### Assignment
For the records below, print the lines from the line with "pose q (R : nzRingType)" through the line with "by rewrite Dq" exactly as written; include both end lines and exclude the rest.
- Opening Delimiter -
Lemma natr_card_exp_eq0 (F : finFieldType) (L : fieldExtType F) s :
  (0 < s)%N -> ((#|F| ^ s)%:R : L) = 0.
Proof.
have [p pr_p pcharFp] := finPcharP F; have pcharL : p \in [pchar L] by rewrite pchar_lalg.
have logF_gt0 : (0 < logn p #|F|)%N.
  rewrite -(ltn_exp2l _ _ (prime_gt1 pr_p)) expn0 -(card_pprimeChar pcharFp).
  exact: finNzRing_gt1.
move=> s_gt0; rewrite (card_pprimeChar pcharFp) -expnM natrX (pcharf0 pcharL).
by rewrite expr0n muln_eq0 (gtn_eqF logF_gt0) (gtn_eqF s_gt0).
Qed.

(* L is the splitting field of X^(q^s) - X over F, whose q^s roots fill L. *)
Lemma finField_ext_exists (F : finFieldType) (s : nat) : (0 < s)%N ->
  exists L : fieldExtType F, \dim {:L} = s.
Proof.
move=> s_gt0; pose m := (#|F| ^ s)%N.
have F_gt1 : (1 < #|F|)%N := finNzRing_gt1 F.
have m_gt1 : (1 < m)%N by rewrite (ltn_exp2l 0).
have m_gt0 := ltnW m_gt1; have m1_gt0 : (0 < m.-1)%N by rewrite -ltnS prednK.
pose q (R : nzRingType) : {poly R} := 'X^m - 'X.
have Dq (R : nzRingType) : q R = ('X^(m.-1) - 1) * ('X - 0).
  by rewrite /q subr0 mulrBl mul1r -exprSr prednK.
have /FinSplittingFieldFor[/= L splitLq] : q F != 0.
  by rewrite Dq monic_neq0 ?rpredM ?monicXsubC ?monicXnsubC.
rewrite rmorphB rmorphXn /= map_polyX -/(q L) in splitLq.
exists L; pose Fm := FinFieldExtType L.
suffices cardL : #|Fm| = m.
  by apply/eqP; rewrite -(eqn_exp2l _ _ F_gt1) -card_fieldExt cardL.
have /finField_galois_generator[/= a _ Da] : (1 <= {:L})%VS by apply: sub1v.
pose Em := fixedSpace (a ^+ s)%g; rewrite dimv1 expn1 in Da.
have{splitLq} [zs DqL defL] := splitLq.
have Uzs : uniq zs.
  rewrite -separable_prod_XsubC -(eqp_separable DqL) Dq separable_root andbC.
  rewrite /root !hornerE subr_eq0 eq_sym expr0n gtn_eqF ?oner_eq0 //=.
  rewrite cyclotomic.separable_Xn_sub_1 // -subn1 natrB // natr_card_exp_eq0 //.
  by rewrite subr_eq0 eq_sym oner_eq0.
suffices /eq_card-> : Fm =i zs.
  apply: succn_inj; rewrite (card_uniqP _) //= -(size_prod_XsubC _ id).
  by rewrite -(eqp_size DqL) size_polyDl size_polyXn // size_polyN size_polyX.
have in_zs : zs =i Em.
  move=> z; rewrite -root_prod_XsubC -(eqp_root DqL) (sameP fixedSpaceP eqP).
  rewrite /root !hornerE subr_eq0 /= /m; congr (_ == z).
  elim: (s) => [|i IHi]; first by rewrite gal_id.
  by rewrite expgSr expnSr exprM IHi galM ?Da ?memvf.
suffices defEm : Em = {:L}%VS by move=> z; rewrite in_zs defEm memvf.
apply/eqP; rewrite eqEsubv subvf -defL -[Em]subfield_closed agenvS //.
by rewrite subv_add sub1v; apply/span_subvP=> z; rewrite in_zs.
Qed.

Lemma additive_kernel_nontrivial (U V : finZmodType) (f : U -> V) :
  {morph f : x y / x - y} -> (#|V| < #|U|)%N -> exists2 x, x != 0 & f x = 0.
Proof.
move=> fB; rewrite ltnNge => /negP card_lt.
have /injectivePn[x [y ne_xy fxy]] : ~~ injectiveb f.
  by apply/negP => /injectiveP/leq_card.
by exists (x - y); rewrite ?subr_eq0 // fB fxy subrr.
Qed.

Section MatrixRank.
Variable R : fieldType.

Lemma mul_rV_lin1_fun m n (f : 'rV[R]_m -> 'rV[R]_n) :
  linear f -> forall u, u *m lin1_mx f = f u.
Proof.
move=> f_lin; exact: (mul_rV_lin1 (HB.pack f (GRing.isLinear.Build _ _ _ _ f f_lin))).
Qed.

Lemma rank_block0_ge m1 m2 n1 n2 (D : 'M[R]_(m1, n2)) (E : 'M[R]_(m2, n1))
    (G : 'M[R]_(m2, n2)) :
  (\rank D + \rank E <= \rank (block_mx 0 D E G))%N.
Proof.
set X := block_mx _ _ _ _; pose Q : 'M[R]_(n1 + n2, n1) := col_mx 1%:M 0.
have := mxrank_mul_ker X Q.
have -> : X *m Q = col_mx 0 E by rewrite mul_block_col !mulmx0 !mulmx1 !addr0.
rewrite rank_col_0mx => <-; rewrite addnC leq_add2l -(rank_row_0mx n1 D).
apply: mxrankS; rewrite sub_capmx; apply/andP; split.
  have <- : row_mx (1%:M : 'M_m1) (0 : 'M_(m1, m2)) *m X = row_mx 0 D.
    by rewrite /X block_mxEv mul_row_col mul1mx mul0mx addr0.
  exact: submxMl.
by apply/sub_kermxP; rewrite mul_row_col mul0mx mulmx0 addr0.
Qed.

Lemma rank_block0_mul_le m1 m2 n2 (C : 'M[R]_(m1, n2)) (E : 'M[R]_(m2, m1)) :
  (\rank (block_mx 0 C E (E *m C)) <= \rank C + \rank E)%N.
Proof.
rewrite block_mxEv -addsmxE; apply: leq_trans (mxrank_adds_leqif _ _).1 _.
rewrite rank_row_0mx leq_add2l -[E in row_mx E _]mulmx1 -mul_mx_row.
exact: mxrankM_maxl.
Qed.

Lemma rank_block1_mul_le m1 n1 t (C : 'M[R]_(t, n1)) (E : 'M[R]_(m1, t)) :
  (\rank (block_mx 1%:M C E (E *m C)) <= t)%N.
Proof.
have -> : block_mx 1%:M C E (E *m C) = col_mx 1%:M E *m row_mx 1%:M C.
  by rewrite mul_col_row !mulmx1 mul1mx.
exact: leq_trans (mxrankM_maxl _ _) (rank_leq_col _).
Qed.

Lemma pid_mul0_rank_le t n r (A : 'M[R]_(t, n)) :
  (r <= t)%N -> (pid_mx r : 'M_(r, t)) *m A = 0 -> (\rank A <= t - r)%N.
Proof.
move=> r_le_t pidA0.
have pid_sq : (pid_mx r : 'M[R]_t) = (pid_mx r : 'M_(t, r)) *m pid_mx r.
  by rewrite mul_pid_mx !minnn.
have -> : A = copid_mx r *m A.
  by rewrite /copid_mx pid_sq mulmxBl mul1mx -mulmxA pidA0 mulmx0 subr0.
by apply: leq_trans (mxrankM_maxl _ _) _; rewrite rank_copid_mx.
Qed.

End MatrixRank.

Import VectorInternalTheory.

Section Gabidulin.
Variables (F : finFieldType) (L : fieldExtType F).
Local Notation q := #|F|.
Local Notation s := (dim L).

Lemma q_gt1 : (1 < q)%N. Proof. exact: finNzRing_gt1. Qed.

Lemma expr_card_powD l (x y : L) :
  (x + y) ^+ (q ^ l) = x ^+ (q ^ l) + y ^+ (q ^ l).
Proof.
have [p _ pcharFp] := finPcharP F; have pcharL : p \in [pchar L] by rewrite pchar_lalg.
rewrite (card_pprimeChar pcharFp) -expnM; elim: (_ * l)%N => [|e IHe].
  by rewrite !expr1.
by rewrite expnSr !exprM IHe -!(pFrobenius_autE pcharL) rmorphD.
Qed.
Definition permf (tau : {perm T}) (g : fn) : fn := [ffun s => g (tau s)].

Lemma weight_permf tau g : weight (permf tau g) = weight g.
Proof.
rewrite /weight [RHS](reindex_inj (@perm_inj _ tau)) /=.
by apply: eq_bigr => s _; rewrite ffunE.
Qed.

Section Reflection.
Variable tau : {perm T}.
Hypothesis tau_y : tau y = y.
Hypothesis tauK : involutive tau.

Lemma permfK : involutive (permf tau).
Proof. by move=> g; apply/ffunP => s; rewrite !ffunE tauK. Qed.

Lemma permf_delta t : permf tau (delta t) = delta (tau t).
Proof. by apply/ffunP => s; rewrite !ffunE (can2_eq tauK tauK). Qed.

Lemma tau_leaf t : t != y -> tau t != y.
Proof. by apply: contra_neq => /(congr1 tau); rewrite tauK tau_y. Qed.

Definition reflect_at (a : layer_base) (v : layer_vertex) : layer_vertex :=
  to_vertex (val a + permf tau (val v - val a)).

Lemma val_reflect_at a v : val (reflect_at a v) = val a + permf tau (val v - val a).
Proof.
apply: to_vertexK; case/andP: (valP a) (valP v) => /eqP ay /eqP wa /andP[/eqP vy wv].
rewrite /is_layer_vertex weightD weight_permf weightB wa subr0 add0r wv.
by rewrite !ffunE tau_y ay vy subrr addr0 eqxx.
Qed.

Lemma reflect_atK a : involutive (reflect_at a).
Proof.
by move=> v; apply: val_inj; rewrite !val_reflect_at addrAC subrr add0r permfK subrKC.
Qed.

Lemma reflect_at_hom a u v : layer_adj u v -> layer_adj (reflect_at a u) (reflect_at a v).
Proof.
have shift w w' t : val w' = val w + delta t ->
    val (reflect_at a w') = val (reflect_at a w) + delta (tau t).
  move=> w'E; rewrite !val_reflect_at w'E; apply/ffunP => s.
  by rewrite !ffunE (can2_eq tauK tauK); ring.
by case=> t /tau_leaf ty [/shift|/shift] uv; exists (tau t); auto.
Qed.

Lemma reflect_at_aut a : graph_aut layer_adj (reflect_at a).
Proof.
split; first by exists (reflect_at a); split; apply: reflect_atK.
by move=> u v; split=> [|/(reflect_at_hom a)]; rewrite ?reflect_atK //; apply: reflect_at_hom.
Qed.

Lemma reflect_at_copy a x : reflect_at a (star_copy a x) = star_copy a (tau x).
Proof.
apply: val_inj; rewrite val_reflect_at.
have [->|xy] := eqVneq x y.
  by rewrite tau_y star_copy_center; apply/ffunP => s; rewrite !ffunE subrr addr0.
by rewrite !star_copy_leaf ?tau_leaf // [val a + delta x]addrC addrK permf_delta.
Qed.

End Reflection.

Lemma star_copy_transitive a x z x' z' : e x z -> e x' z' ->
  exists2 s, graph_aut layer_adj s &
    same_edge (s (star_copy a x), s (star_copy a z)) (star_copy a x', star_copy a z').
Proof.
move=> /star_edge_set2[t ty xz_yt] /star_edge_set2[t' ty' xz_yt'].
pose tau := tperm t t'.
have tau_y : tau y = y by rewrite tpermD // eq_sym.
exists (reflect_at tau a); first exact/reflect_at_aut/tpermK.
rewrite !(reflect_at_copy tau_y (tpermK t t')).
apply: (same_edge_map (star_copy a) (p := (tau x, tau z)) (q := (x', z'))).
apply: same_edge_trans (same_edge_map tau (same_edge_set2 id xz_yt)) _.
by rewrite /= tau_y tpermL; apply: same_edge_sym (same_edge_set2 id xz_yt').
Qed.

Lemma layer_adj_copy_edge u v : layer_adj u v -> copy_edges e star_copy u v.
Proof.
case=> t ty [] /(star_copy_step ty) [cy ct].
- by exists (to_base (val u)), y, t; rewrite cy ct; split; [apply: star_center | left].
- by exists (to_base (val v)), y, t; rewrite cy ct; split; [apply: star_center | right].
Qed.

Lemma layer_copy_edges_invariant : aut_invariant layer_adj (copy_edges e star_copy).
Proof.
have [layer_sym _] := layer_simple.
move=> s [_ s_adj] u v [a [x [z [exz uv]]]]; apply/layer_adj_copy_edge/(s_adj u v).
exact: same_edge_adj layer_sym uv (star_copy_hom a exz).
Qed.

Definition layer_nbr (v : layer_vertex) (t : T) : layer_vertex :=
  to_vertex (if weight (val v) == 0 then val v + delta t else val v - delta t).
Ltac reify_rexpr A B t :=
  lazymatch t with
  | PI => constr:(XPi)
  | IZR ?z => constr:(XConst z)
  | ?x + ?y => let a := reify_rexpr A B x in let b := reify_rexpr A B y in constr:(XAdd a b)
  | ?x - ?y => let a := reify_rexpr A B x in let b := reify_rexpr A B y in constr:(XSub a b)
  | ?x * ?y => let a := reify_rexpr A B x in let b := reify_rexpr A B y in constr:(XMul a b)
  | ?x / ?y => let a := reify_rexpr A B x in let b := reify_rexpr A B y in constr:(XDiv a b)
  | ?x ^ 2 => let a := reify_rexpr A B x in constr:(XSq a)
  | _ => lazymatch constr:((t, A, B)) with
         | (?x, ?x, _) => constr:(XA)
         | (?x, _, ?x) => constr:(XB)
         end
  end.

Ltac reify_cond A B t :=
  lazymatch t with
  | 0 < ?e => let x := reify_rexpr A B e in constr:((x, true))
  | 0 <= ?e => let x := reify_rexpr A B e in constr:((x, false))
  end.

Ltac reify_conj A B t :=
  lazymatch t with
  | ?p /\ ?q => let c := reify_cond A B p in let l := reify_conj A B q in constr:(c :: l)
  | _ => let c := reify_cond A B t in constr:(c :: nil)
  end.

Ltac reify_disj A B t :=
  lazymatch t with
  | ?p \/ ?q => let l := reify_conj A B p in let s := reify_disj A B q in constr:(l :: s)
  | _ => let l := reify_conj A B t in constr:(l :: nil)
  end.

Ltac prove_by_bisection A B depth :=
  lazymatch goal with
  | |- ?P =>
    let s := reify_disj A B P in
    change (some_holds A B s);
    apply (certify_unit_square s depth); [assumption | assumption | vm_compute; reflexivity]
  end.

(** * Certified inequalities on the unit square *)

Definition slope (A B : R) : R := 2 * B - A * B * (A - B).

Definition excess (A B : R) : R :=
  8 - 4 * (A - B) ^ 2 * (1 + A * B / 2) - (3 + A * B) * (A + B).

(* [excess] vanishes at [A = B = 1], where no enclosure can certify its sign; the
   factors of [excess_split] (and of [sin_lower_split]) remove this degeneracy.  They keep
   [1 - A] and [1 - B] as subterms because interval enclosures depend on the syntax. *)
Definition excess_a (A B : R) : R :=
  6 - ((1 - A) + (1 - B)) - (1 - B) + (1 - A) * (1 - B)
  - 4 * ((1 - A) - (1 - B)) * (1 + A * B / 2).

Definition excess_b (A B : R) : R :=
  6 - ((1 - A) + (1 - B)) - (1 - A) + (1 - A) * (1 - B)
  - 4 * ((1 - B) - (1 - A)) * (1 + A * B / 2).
- Closing Delimiter -
### Task output
pose q (R : nzRingType) : {poly R} := 'X^m - 'X.
have Dq (R : nzRingType) : q R = ('X^(m.-1) - 1) * ('X - 0).
  by rewrite /q subr0 mulrBl mul1r -exprSr prednK.
have /FinSplittingFieldFor[/= L splitLq] : q F != 0.
  by rewrite Dq monic_neq0 ?rpredM ?monicXsubC ?monicXnsubC.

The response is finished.